Top of Supplied information
Lemma sum_row_mx_const (V : nmodType) (F : 'rV['F_p]_(1 + n) -> V) :
  \sum_x F x = \sum_(y : 'F_p) \sum_(v : 'rV['F_p]_n) F (row_mx (const_mx y) v).
Proof.
rewrite pair_big /= (reindex (fun yv : 'F_p * 'rV_n => row_mx (const_mx yv.1) yv.2)) //=.
exists (fun x : 'rV_(1 + n) => (x 0 (lshift n 0), rsubmx x)) => [[y v] _ | x _] /=.
  by rewrite row_mxEl row_mxKr mxE.
rewrite -[RHS]hsubmxK; congr row_mx.
by apply/matrixP => i j; rewrite !ord1 !mxE.
Qed.

Lemma card_slice (R : numDomainType) (B : {set 'rV['F_p]_(1 + n)}) :
  #|B|%:R = \sum_(y : 'F_p) #|slice B y|%:R :> R.
Proof.
rewrite -sum1_card natr_sum big_mkcond /= sum_row_mx_const.
under [RHS]eq_bigr => y _ do rewrite -sum1_card natr_sum big_mkcond /=.
by apply: eq_bigr => y _; apply: eq_bigr => v _; rewrite inE.
Qed.

Lemma prod_dist_row_mx (R : realType) (D : 'F_p -> R) y (v : 'rV['F_p]_n) :
  prod_dist D (row_mx (const_mx y) v : 'rV_(1 + n)) = D y * prod_dist D v.
Proof.
rewrite /prod_dist big_split_ord big_ord1 row_mxEl mxE.
by under eq_bigr do rewrite row_mxEr.
Qed.

Lemma density_slice (R : realType) (D : 'F_p -> R) (B : {set 'rV['F_p]_(1 + n)}) :
  density D B = \sum_(y : 'F_p) D y * density D (slice B y).
Proof.
rewrite /density big_mkcond sum_row_mx_const.
under [RHS]eq_bigr => y _ do rewrite big_distrr big_mkcond /=.
apply: eq_bigr => y _; apply: eq_bigr => v _.
by rewrite inE prod_dist_row_mx; case: (_ \in B); rewrite ?mulr0.
Qed.
Lemma rho_rhs_shift : (0 < M)%N -> D1 M.-1 = 0 ->
  \sum_(1 <= i < M.+1) rho N (((i - 1) ^ 2)%:R *: (pp R M i * dp (i - 1) g)) = shift_term N g.
Proof.
move=> M0 D1_last.
rewrite big_add1 [M.+1.-1]/= (big_ltn M0) subnn mulr0 scaler0 rmorph0 add0r big_add1.
rewrite /shift_term -(big_mkord xpredT (fun k => D1 k * (k.+1%:R * k.+1%:R) * psum N k.+2)).
rewrite [RHS](big_cat_nat (n := M.-1)) ?leq_pred //=.
rewrite [X in _ = _ + X](big_ltn (n := M)) ?prednK // [X in _ + (_ + X)]big_geq //.
rewrite D1_last !mul0r !addr0; apply: eq_big_nat => k /andP[_ kM].
have kM' : (k.+1 < M)%N by rewrite -ltn_predRL.
by rewrite subn1 /= rho_natZ rmorphM /= rho_pp // natrX; ring.
Qed.

End RhsTerms.

Theorem mainTheorem8 (R : fieldType) (hR : [pchar R] =i pred0) (alpha : R)
    (n N : nat) (f : {mpoly R[n]}) :
  commDE2 alpha (rho N (emb (2 * n + 1)%N f))
  = rho N (rhsOp alpha (emb (2 * n + 1)%N f)).
Proof.
set M := (2 * n + 1)%N; set g := emb M f.
have half2 : cF N (alpha / 2) * 2 = cF N alpha.
  have two : (2 : R) != 0 by move/pcharf0P: hR => ->.
  by rewrite -(rmorph_nat (@cF R N)) -rmorphM /= divfK.
have M0 : (0 < M)%N by rewrite /M addn1.
have D1_last : rho N (dp M.-1.+1 g) = 0.
  by rewrite /g dp_emb_ge ?rmorph0 //; rewrite /M addn1 /=; lia.
have D2_ge a b : (M <= (a + b).+2)%N -> rho N (dp a.+1 (dp b.+1 g)) = 0.
  move=> abM; have [nb|bn] := leqP n b; first by rewrite /g dp_emb_ge // dp0 rmorph0.
  by rewrite dp_comm /g dp_emb_ge ?dp0 ?rmorph0 //; move: abM; rewrite /M; lia.
rewrite commDE2_rho /rhsOp !rmorphD /= !rhoZ !rmorph_sum.
under [X in _ = _ + X + _]eq_bigr do rewrite rmorph_sum.
under [X in _ = _ + _ + _ * X]eq_bigr do rewrite rmorph_sum.
rewrite rho_rhs_shift // rho_rhs_cut rho_rhs_join // mulrA half2 rmorphB rmorph1 /=.
ring.
Qed.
Bottom of Supplied information
» **Task description**: Only the lines above from the line containing "(2 * n + 1)%N f))." through the line containing "have M0 : (0 < M)%N by rewrite /M addn1." should be retyped, exactly and with both ends included.

» **Solution below**:
  = rho N (rhsOp alpha (emb (2 * n + 1)%N f)).
Proof.
set M := (2 * n + 1)%N; set g := emb M f.
have half2 : cF N (alpha / 2) * 2 = cF N alpha.
  have two : (2 : R) != 0 by move/pcharf0P: hR => ->.
  by rewrite -(rmorph_nat (@cF R N)) -rmorphM /= divfK.
have M0 : (0 < M)%N by rewrite /M addn1.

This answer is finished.